Graphene is known to be the world’s strongest material. Its first commercial uses, in sports equipment and specialty gear, rely on this mechanical resilience. Yet, it is also brittle, fracturing when the load on it passes that maximum strength level.

But what happens to the material when it faces a small mechanical load over and over again? This fatigue life of graphene and associated damage mechanism remain unknown. In a recent study published in Nature Materials, researchers have found that the two-dimensional (2D) material can withstand more than a billion cycles of stress before it breaks. The research should help design next-generation carbon-reinforced composites for aircraft and cars that have high fatigue life.

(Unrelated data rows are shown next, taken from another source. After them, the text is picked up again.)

(* Let $n\ge1$, $\mu\in(0,1)$ and $\eta>4\mu n^2$. Let $x_*=(1+\eta,1+\frac\eta2,\dots,1+\frac\eta n)$, $\hat f(x)=\|x-x_*\|_\infty$ and $f_\mu(x)=\min_{u\in\mathbb{R}^n}\hat f(u)+\frac1{2\mu}\|x-u\|^2$. Let $p\in\{0,\dots,n-1\}$. For any $x\in\mathbb{R}^n$ with $\max_{i=p+1,\dots,n}|x^{(i)}|\le\mu$, we have $\nabla f_\mu(x)\in E_{p+1}$ and $\|\nabla f_\mu(x)\|_\infty\le 1$.
   Context: $(e_1,\dots,e_n)$ is the canonical basis of $\mathbb{R}^n$, $E_p=\operatorname{Span}(e_1,\dots,e_p)$ for $p\ge1$ and $E_0=\{0\}$. $\|\cdot\|$ is the Euclidean norm; $x^{(i)}$ is the $i$-th coordinate. $f_\mu$ (the Moreau envelope of $\hat f$) is differentiable. *)

From HB Require Import structures.
From mathcomp Require Import all_boot all_order all_algebra.
From mathcomp Require Import all_classical all_reals all_analysis.
Set Implicit Arguments. Unset Strict Implicit. Unset Printing Implicit Defensive.
Import Order.TTheory GRing.Theory Num.Theory.
Import numFieldNormedType.Exports.
Local Open Scope ring_scope.
Local Open Scope classical_set_scope.

Section Defs.
Variable R : realType.
Variable n : nat.

(* the point x_* = (1+eta, 1+eta/2, ..., 1+eta/n); coordinate i (0-based) is 1 + eta/(i+1) *)
Definition xstar (eta : R) : 'rV[R]_n := \row_(i < n) (1 + eta / (i.+1)%:R).

Definition infnorm (x : 'rV[R]_n) : R := \big[Num.max/0]_(i < n) `|x 0 i|.

Definition sqnorm2 (x : 'rV[R]_n) : R := \sum_(i < n) (x 0 i) ^+ 2.

Definition fhat (eta : R) (x : 'rV[R]_n) : R := infnorm (x - xstar eta).

(* Moreau envelope f_mu(x) = min_u hat f(u) + 1/(2 mu) ||x - u||^2 (the min is attained,
   so it equals the infimum) *)
Definition fmu (eta mu : R) (x : 'rV[R]_n) : R :=
  inf [set fhat eta u + (2 * mu)^-1 * sqnorm2 (x - u) | u in [set: 'rV[R]_n]].

Definition grad (f : 'rV[R]_n -> R) (x : 'rV[R]_n) : 'rV[R]_n :=
  \row_(i < n) ('d f x) (delta_mx 0 i).

(* E_p = Span(e_1,...,e_p): all coordinates of 1-based index > p (0-based index >= p) vanish *)
Definition in_Espace (p : nat) (x : 'rV[R]_n) : Prop := forall i : 'I_n, (p <= i)%N -> x 0 i = 0.

End Defs.

From HB Require Import structures.
From mathcomp Require Import all_boot all_order all_algebra.
From mathcomp Require Import all_classical all_reals all_analysis.
From mathcomp Require Import ring lra.
Import Order.TTheory GRing.Theory Num.Theory.
Import numFieldNormedType.Exports.
Local Open Scope ring_scope.

(* The Moreau envelope of any h is differentiable at x with gradient g as soon
   as g is a subgradient of h at the proximal point x - mu g: the envelope is
   then squeezed between an affine function and the same function plus a
   quadratic, both touching it at x.  For h = ||. - x_*||_oo and z = x - x_*,
   the proximal point is x_* + clip_t(z), the coordinatewise projection of z
   onto [-t, t], where t is chosen so that the soft-thresholded residual
   z - clip_t(z) has l1-norm mu.  Hence g = (z - clip_t(z)) / mu has l1-norm 1
   and in particular ||g||_oo <= 1.  The coordinates of x_* decrease by more
   than eta / n^2 > 4 mu from one index to the next, so when the tail of x is
   bounded by mu, every |z_j| with j > p + 1 lies below |z_(p+1)| - 2 mu < t,
   and g_j = 0. *)

Section Clip.
Context {R : realDomainType}.
Variable t : R.
Hypothesis t_ge0 : 0 <= t.
(* Let $G$ be a finite simple graph and $k$ a field, with $R=k[V(G)]$, such that $\operatorname{reg}(R/I(G))\ge 3$, $\operatorname{reg}(R/I(G_{|W}))\le 2$ for every proper subset $W\subsetneq V(G)$, and $|V(G)|\ge 7$. Then there exist vertices $a,b\in V(G)$ with $\{a,b\}\notin E(G)$ and $N_G(a)\cap N_G(b)\neq\emptyset$. *)

From mathcomp Require Import all_boot all_order all_algebra.
Set Implicit Arguments. Unset Strict Implicit. Unset Printing Implicit Defensive.
Import GRing.Theory.
Local Open Scope ring_scope.

Definition simple_graph (V : finType) (e : rel V) : Prop :=
  symmetric e /\ irreflexive e.

(* beta_i,alpha(R/I) = dim_k Tor_i^R(R/I, k)_alpha, computed (as usual) as the
   i-th homology of the Koszul complex K(x_v, v in W; R/I) in multidegree
   alpha in N^W.  In multidegree alpha the Koszul complex has k-basis
   { e_T : T subset supp(alpha), x^(alpha - 1_T) not in I }, in homological
   degree #|T|, with differential
      d(e_T) = sum_{s in T} (-1)^{pos_T(s)} x_s * x^(alpha-1_T) e_{T\s},
   the term being 0 when x^(alpha-1_{T\s}) lies in I.
   A monomial x^beta lies in the edge ideal iff some edge {u,v} has
   beta_u > 0 and beta_v > 0.
   ------------------------------------------------------------------------ *)
Section Koszul.
Variables (V : finType) (k : fieldType) (e : rel V) (alpha : {ffun V -> nat}).

Definition std_monomial (beta : V -> nat) : bool :=
  [forall u, forall v, e u v ==> ~~ ((0 < beta u)%N && (0 < beta v)%N)].

Definition kvalid (T : {set V}) : bool :=
  [forall u in T, (0 < alpha u)%N] &&
  std_monomial (fun u => (alpha u - (u \in T))%N).

Definition kidx (x : 'I_#|{set V}|) : {set V} := enum_val x.

Definition kpos (T : {set V}) (s : V) : nat :=
  #|[set u in T | (enum_rank u < enum_rank s)%N]|.

(* differential, acting on row vectors: row T is d(e_T) *)
Definition kdiff : 'M[k]_#|{set V}| :=
  \matrix_(x, y)
    (if kvalid (kidx x) && kvalid (kidx y) then
       \sum_(s in kidx x)
          (if kidx y == kidx x :\ s then (-1) ^+ kpos (kidx x) s else 0)
     else 0).

Definition kproj (i : nat) : 'M[k]_#|{set V}| :=
  \matrix_(x, y)
    (if (x == y) && kvalid (kidx x) && (#|kidx x| == i)%N then 1 else 0).

(* dim ker d_i - dim im d_{i+1} *)
Definition betti (i : nat) : nat :=
  (\rank (kproj i) - \rank (kproj i *m kdiff) - \rank (kproj i.+1 *m kdiff))%N.

End Koszul.

Definition mdeg (V : finType) (alpha : {ffun V -> nat}) : nat :=
  (\sum_(v : V) alpha v)%N.

Definition reg_le (V : finType) (k : fieldType) (e : rel V) (W : {set V})
    (r : nat) : Prop :=
  forall (i : nat) (alpha : {ffun V -> nat}),
    [forall v, (v \notin W) ==> (alpha v == 0%N)] ->
    betti k e alpha i <> 0%N -> (mdeg alpha <= i + r)%N.

Definition reg_ge (V : finType) (k : fieldType) (e : rel V) (W : {set V})
    (r : nat) : Prop :=
  ~ reg_le k e W r.-1.

From Pilot Require Import Defs.
From mathcomp Require Import all_boot all_order all_algebra.
Set Implicit Arguments. Unset Strict Implicit. Unset Printing Implicit Defensive.
Import GRing.Theory.
Local Open Scope ring_scope.

(* Suppose no two non-adjacent vertices have a common neighbour, so that G is a
   disjoint union of cliques, and take a Betti number beta_(i,alpha) <> 0 with
   |alpha| > i + 2.  By minimality alpha has full support, and it is squarefree
   and G has no isolated vertex, since otherwise the Koszul complex in degree
   alpha is a cone over a vertex, hence exact.  So alpha = (1,...,1), and a
   Koszul cell T of size i leaves |V| - i >= 3 pairwise non-adjacent vertices
   outside T; with one neighbour each they span an induced matching 3K2 on
   6 < |V| vertices.  But beta_(3,(1,...,1))(3K2) <> 0, contradicting
   minimality. *)

(* [\rank P - \rank (P D) - \rank (Q D)] is the homology at the degree cut out
   by [P] when [Q] projects on the next degree; a contracting homotopy kills it. *)
Lemma mxrank_homotopy (F : fieldType) n (P Q D H : 'M[F]_n) :
  P *m P = P -> P *m (H *m D + D *m H) = P -> P *m H = P *m H *m Q ->
  (\rank P <= \rank (P *m D) + \rank (Q *m D))%N.
Proof.
move=> PP PH PHQ.
rewrite -{1}(mxrank_mul_ker P D) leq_add2l; apply: mxrankS.
set X := (P :&: kermx D)%MS.
have XD : X *m D = 0 by apply/sub_kermxP; apply: capmxSr.
have XP : X = X *m P.
  by have /submxP[M ->] : (X <= P)%MS := capmxSl _ _; rewrite -mulmxA PP.
have -> : X = X *m (P *m H) *m (Q *m D).
  rewrite (mulmxA _ Q) -(mulmxA X) -PHQ {1}XP -{1}PH !mulmxDr.
  by rewrite (mulmxA P) !mulmxA -XP XD !mul0mx addr0.
exact: submxMl.
Qed.

Lemma addr_signs_eq0 (R : pzRingType) a b : odd (a + b) -> (-1) ^+ a + (-1) ^+ b = 0 :> R.
Proof.
rewrite -signr_odd -[(-1) ^+ b]signr_odd oddD.
by case: (odd a); case: (odd b) => //= _; rewrite ?expr1 ?expr0 ?subrr // addrC subrr.
Qed.

Section KoszulComplex.
Variables (V : finType) (k : fieldType) (e : rel V) (alpha : {ffun V -> nat}).
Local Notation n := #|{set V}|.
Local Notation kvalid := (kvalid e alpha).
Local Notation kdiff := (kdiff k e alpha).
Local Notation kproj := (kproj k e alpha).
Definition kvec (S : {set V}) : 'rV[k]_n := locked (delta_mx 0 (enum_rank S)).

Lemma kidx_enum_rank (S : {set V}) : kidx (enum_rank S) = S.
Proof. exact: enum_rankK. Qed.

Lemma enum_rank_kidx (x : 'I_n) : enum_rank (kidx x) = x.
Proof. exact: enum_valK. Qed.

Lemma kvecE S y : kvec S 0 y = (S == kidx y)%:R.
Proof.
rewrite /kvec -lock mxE eqxx /=; suff -> : (y == enum_rank S) = (S == kidx y) by [].
by apply/eqP/eqP => [->|->]; rewrite ?kidx_enum_rank ?enum_rank_kidx.
Qed.

Lemma kvec_mulmx S p (M : 'M[k]_(n, p)) : kvec S *m M = row (enum_rank S) M.
Proof. by rewrite /kvec -lock rowE. Qed.

Lemma row_kdiff x : row x kdiff = if kvalid (kidx x) then
  \sum_(s in kidx x) (if kvalid (kidx x :\ s) then
       (-1) ^+ kpos (kidx x) s *: kvec (kidx x :\ s) else 0) else 0.
Proof.
apply/rowP => y; rewrite !mxE; case vx: (kvalid (kidx x)) => /=; last by rewrite mxE.
rewrite summxE; case vy: (kvalid (kidx y)) => /=.
  apply: eq_bigr => s _; case: eqP => [<-|ne]; first by rewrite vy !mxE kvecE eqxx mulr1.
  case: ifP => _; last by rewrite mxE.
  by rewrite !mxE kvecE; case: eqP => [E|_]; [case: ne | rewrite mulr0].
rewrite big1 // => s _; case: ifP => vs; last by rewrite mxE.
by rewrite !mxE kvecE; case: eqP => [E|]; [rewrite -E vs in vy | rewrite mulr0].
Qed.

Lemma row_kproj x i : row x (kproj i) =
  if kvalid (kidx x) && (#|kidx x| == i)%N then kvec (kidx x) else 0.
Proof.
apply/rowP => y; rewrite !mxE -andbA; case: (kvalid _ && _); last by rewrite andbF mxE.
rewrite andbT kvecE; case: (x =P y) => [<-|ne] /=; first by rewrite eqxx.
by case: eqP => // /enum_val_inj.
Qed.

Lemma kposE (S : {set V}) s :
  kpos S s = (\sum_(u in S) (enum_rank u < enum_rank s))%N.
Proof.
rewrite /kpos -sum1_card big_mkcond [RHS]big_mkcond; apply: eq_bigr => u _.
by rewrite inE; case: (u \in S); case: ltnP.
Qed.

Lemma kpos_setU1 (S : {set V}) x s : kpos (x |: S) s =
  (kpos S s + ((x \notin S) && (enum_rank x < enum_rank s)%N))%N.
Proof.
case: (boolP (x \in S)) => xS; first by rewrite (setUidPr _) ?sub1set // addn0.
by rewrite !kposE big_setU1 //= addnC.
Qed.

Lemma kpos_sign_swap (T : {set V}) v s : v \notin T -> s \in T ->
  (-1) ^+ kpos (v |: T) v * (-1) ^+ kpos (v |: T) s +
  (-1) ^+ kpos T s * (-1) ^+ kpos (v |: T :\ s) v = 0 :> k.
Proof.
move=> vT sT; have sv : s != v by apply: contraNneq vT => <-.
have vS : v \notin T :\ s by rewrite !inE negb_and vT orbT.
have sS : s \notin T :\ s by rewrite !inE eqxx.
rewrite -{1 2 3}(setD1K sT); move: (T :\ s) sS vS => S sS vS.
rewrite -!exprD; apply: addr_signs_eq0.
rewrite !kpos_setU1 !inE (negbTE sS) (negbTE vS) eq_sym (negbTE sv) /= !ltnn !addn0.
rewrite !oddD; case: (odd (kpos S v)); case: (odd (kpos S s)).
all: by case: ltngtP => // /val_inj/enum_rank_inj/eqP; rewrite (negbTE sv).
Qed.
(* Multiplication by [x_v] makes the complex a cone over [v] as soon as validity
   does not see [v]: [e_T |-> +- e_(v |: T)] is then a contracting homotopy. *)
Section Cone.
Variable v : V.
Hypothesis kvalid_setD1 : forall T, kvalid (T :\ v) = kvalid T.

Lemma kvalid_setU1 T : kvalid (v |: T) = kvalid T.
Proof.
rewrite -kvalid_setD1 -[RHS]kvalid_setD1; congr kvalid.
by apply/setP => u; rewrite !inE; case: eqP.
Qed.

Definition khomotopy : 'M[k]_n := \matrix_(x, y)
  (if (v \notin kidx x) && (kidx y == v |: kidx x) then (-1) ^+ kpos (kidx y) v else 0).

Lemma row_khomotopy x : row x khomotopy = if v \notin kidx x then
   (-1) ^+ kpos (v |: kidx x) v *: kvec (v |: kidx x) else 0.
Proof.
apply/rowP => y; rewrite !mxE; case: (v \notin kidx x) => /=; last by rewrite mxE.
by rewrite !mxE kvecE eq_sym; case: eqP => [->|_]; rewrite ?mulr1 ?mulr0.
Qed.

Lemma khomotopy_kdiff x : kvalid (kidx x) ->
  row x (khomotopy *m kdiff + kdiff *m khomotopy) = kvec (kidx x).
Proof.
set T := kidx x => vT; have sgnK m : (-1) ^+ m * (-1) ^+ m = 1 :> k by rewrite -expr2 sqrr_sign.
rewrite !rowE mulmxDr -!rowE !row_mul row_kdiff row_khomotopy vT.
case: (boolP (v \in T)) => vinT /=.
  rewrite mul0mx add0r mulmx_suml (bigD1 v) //= big1 ?addr0.
    rewrite kvalid_setD1 vT -scalemxAl kvec_mulmx row_khomotopy kidx_enum_rank.
    by rewrite !inE eqxx /= scalerA setD1K // sgnK scale1r.
  move=> s /andP[sT nsv]; case: ifP => _; last by rewrite mul0mx.
  rewrite -scalemxAl kvec_mulmx row_khomotopy kidx_enum_rank !inE eq_sym (negbTE nsv).
  by rewrite vinT scaler0.
rewrite -scalemxAl kvec_mulmx row_kdiff kidx_enum_rank kvalid_setU1 vT.
rewrite big_setU1 //= setU1K // vT scalerDr scalerA sgnK scale1r -addrA.
rewrite -[RHS]addr0; congr (_ + _).
rewrite scaler_sumr mulmx_suml -big_split big1 // => s sT /=.
have sv : s != v by apply: contraNneq vinT => <-.
have -> : (v |: T) :\ s = v |: (T :\ s).
  by apply/setP => u; rewrite !inE; case: (u =P v) => // ->; rewrite eq_sym sv.
rewrite kvalid_setU1; case: ifP => vs; last by rewrite mul0mx scaler0 addr0.
rewrite -scalemxAl kvec_mulmx row_khomotopy kidx_enum_rank !inE (negbTE vinT) andbF /=.
by rewrite !scalerA -scalerDl kpos_sign_swap // scale0r.
Qed.

Lemma betti_cone i : betti k e alpha i = 0%N.
Proof.
rewrite /betti; apply/eqP; rewrite -subnDA subn_eq0.
apply: (@mxrank_homotopy _ _ _ _ _ khomotopy).
- apply/row_matrixP => x; rewrite row_mul row_kproj; case: ifP => c; last by rewrite mul0mx.
  by rewrite kvec_mulmx enum_rank_kidx row_kproj c.
- apply/row_matrixP => x; rewrite row_mul row_kproj; case: ifP => c; last by rewrite mul0mx.
  by move/andP: c => [vx _]; rewrite kvec_mulmx enum_rank_kidx khomotopy_kdiff.
- apply/row_matrixP => x; rewrite !row_mul row_kproj; case: ifP => c; last by rewrite !mul0mx.
  move/andP: c => [vx /eqP sz].
  rewrite kvec_mulmx enum_rank_kidx row_khomotopy; case: ifP => nv; last by rewrite mul0mx.
  rewrite -scalemxAl kvec_mulmx row_kproj kidx_enum_rank kvalid_setU1 vx.
  by rewrite cardsU1 nv sz eqxx.
Qed.
End Cone.

Lemma betti_eq0_no_cell i :
  (forall T, kvalid T -> #|T| != i) -> betti k e alpha i = 0%N.
Proof.
move=> noT; rewrite /betti; have -> : kproj i = 0.
  apply/matrixP => x y; rewrite !mxE.
  by case: (boolP (kvalid (kidx x))) => [/noT/negbTE->|]; rewrite ?andbF.
by rewrite mxrank0.
Qed.

Lemma kvalid_nonadjacent T u w : kvalid T -> u \notin T -> w \notin T ->
  (0 < alpha u)%N -> (0 < alpha w)%N -> ~~ e u w.
Proof.
case/andP=> _ /forallP/(_ u)/forallP/(_ w) std uT wT au aw.
by apply: contraL std => euw; rewrite euw (negbTE uT) (negbTE wT) !subn0 au aw.
Qed.

Lemma positive_on_setD1 v T : (0 < alpha v)%N ->
  [forall u in T :\ v, 0 < alpha u]%N = [forall u in T, 0 < alpha u]%N.
Proof.
move=> av; apply/forall_inP/forall_inP => H u uT; last by apply: H; case/setD1P: uT.
by case: (u =P v) => [->|/eqP uv] //; apply: H; apply/setD1P.
Qed.

Lemma kvalid_setD1_multiple v T : (1 < alpha v)%N -> kvalid (T :\ v) = kvalid T.
Proof.
move=> av; rewrite /Defs.kvalid positive_on_setD1 ?(ltnW av) //; congr andb.
apply: eq_forallb => u; apply: eq_forallb => w.
have pos x : (0 < alpha x - (x \in T :\ v))%N = (0 < alpha x - (x \in T))%N.
  rewrite !inE; case: (x =P v) => [->|] //=.
  by rewrite subn0 subn_gt0 (ltnW av) (leq_ltn_trans (leq_b1 _) av).
by rewrite !pos.
Qed.

Lemma kvalid_setD1_isolated v T : (0 < alpha v)%N -> (forall u, ~~ e v u) ->
  symmetric e -> kvalid (T :\ v) = kvalid T.
Proof.
move=> av iso esym; rewrite /Defs.kvalid positive_on_setD1 //; congr andb.
apply: eq_forallb => u; apply: eq_forallb => w.
case: (u =P v) => [->|/eqP uv]; first by rewrite (negbTE (iso w)).
case: (w =P v) => [->|/eqP wv]; first by rewrite esym (negbTE (iso u)).
by rewrite !inE (negbTE uv) (negbTE wv).
Qed.

End KoszulComplex.

Lemma big_prod_bool R idx (op : Monoid.com_law idx) (I : finType) (F : I * bool -> R) :
  \big[op/idx]_p F p = \big[op/idx]_i op (F (i, true)) (F (i, false)).
Proof.
rewrite (eq_bigr (fun p => F (p.1, p.2))) => [|[] //].
by rewrite -(pair_bigA _ (fun i b => F (i, b))); apply: eq_bigr => i _; rewrite big_bool.
Qed.

Lemma subb_gt0 (x y : bool) : (0 < x - y)%N = x && ~~ y.
Proof. by case: x; case: y. Qed.

Lemma card_setD1_4 (V : finType) (T : {set V}) s : s \in T -> #|T| = 4%N -> #|T :\ s| = 3%N.
Proof. by move=> sT; rewrite (cardsD1 s) sT add1n => [[]]. Qed.
(* Let $q\equiv 3\pmod 4$ be a prime power. Let $\Psi:\mathcal{H}_2(\mathbb{F}_{q^2})\to\mathcal{H}_2(\mathbb{F}_{q^2})$ and $\Phi:\mathcal{HGL}_2(\mathbb{F}_{q^2})\to\mathcal{HGL}_2(\mathbb{F}_{q^2})$ be maps and set $\psi=\Omega^{-1}\circ\Psi\circ\Omega:\mathbb{F}_q^4\to\mathbb{F}_q^4$ and $\varphi=\omega^{-1}\circ\Phi\circ\omega:\mathbb{F}_q^4\setminus C_0\to\mathbb{F}_q^4\setminus C_0$. Then: (i) If $\Psi(A)=A+B$ for some fixed $B\in\mathcal{H}_2(\mathbb{F}_{q^2})$, then $\psi(\mathbf{r})=\mathbf{r}+\mathbf{r}_0$ for some $\mathbf{r}_0\in\mathbb{F}_q^4$. (ii) If $\Phi(A)=A^{-1}$, then $\varphi(\mathbf{r})=\frac{L\mathbf{r}}{(\mathbf{r},\mathbf{r})}$ for some Lorentz matrix $L$. (iii) If $\Psi(A)=A^\sigma$ for some field automorphism $\sigma$ of $\mathbb{F}_{q^2}$ (applied entry-wise), then $\psi(\mathbf{r})=L\mathbf{r}^\tau$ for some Lorentz matrix $L$ and some automorphism $\tau$ of $\mathbb{F}_q$ (applied coordinate-wise). (iv) If $\Psi(A)=PAP^\ast$ for some invertible $2\times2$ matrix $P$ such that $\det P\,\overline{\det P}$ is a square in $\mathbb{F}_q$, then $\psi(\mathbf{r})=\alpha L\mathbf{r}$ for some Lorentz matrix $L$ and nonzero $\alpha\in\mathbb{F}_q$. (v) If $\Psi(A)=PAP^\ast$ for some invertible $P$ such that $\det P\,\overline{\det P}$ is not a square in $\mathbb{F}_q$, then $\psi(\mathbf{r})=\alpha K\mathbf{r}$ for some anti-Lorentz matrix $K$ and nonzero $\alpha\in\mathbb{F}_q$.
   Context: $\mathbb{F}_{q^2}$ is the field with $q^2$ elements, with involution $\bar x=x^q$ whose fixed field is $\mathbb{F}_q$; $X^\ast=\bar X^\top$; $\mathcal{H}_2(\mathbb{F}_{q^2})$ is the set of $2\times2$ hermitian ($A^\ast=A$) matrices and $\mathcal{HGL}_2(\mathbb{F}_{q^2})$ its invertible elements. Since $q\equiv3\pmod4$, $-1$ is not a square in $\mathbb{F}_q$; fix $\imath\in\mathbb{F}_{q^2}$ with $\imath^2=-1$. For $\mathbf{r}_k=(x_k,y_k,z_k,t_k)^\top\in\mathbb{F}_q^4$ put $(\mathbf{r}_1,\mathbf{r}_2)=-x_1x_2-y_1y_2-z_1z_2+t_1t_2$, and $C_0=\{\mathbf{r}:(\mathbf{r},\mathbf{r})=0\}$. A $4\times4$ matrix $L$ over $\mathbb{F}_q$ is Lorentz if $(L\mathbf{r}_1,L\mathbf{r}_2)=(\mathbf{r}_1,\mathbf{r}_2)$ for all $\mathbf{r}_1,\mathbf{r}_2$, and anti-Lorentz if $(L\mathbf{r}_1,L\mathbf{r}_2)=-(\mathbf{r}_1,\mathbf{r}_2)$ for all $\mathbf{r}_1,\mathbf{r}_2$. $\Omega:\mathbb{F}_q^4\to\mathcal{H}_2(\mathbb{F}_{q^2})$ is the bijection $\Omega((x,y,z,t)^\top)=\begin{bmatrix}t+x&y+\imath z\\ y-\imath z&t-x\end{bmatrix}$, which maps $\mathbb{F}_q^4\setminus C_0$ bijectively onto $\mathcal{HGL}_2(\mathbb{F}_{q^2})$; $\omega$ is this restriction. *)

From HB Require Import structures.
From mathcomp Require Import all_boot all_order all_algebra.
Set Implicit Arguments. Unset Strict Implicit. Unset Printing Implicit Defensive.
Import Order.TTheory GRing.Theory Num.Theory.
Local Open Scope ring_scope.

“Fundamentally we answered the question, ‘can this material fail under fatigue?’” says Tobin Filleter, a mechanical and industrial engineering professor at the University of Toronto. “And the answer is yes, there’s a mechanism that will lead to failure at loads below tensile strength. This sets the stage for understanding fatigue life of this general class of 2D materials.”

The research team led by Filleter, materials science and engineering professor Chandra Veer Singh and mechanical engineering professor Yu Sun also at Toronto, conducted physical experiments as well as molecular dynamics simulations. In the experiments, they pressed an atomic force microscope (AFM) tip to the center of freestanding films of the graphene and graphene oxide material and then oscillated the tip at a frequency of 100 KHz.

AFM is a widely available technique, but the researchers had to build a special device for the experiments in order to handle these very thin 2D material samples. They etched a silicon chip with half a million holes, each just a few micrometers in diameter, and stretched a graphene sheet over the holes. “There’s no commercial approach to do this type of mechanical testing on atomically thin materials where we’re controlling static load plus cyclic load,” Filleter says.

They used a load that was 50–70% of the material’s ultimate tensile strength, the same fraction that is used in studies on metals and alloys. They found that the materials could withstand an average stress of 71 GPa for over a billion cycles before failing.

Computer simulations showed different failure mechanisms for graphene and graphene oxide. In graphene, mechanical loading and thermal fluctuation cause an irreversible bond rotation near the site of a defect, causing the material to abruptly fail without a progressive buildup of cracks or damage as would happen normally in metals.

Graphene oxide simulations, on the other hand, show “progressive damage that’s more like traditional fatigue,” Singh says. That is because epoxide functional groups present on the material undergo a structural transformation under the mechanical load into ether groups. “In these regions we see small cracks form slowly, which make the material weak.” While the billion-cycle fatigue lifetime of graphene is not surprising, the novelty of this research lies in conducting tests on graphene with the test setup used, says Ramesh Talreja, a materials science and engineering professor at Texas A&M University, who was not involved in the study. “The setup is highly specialized, very expensive, and not commonly available,” he says.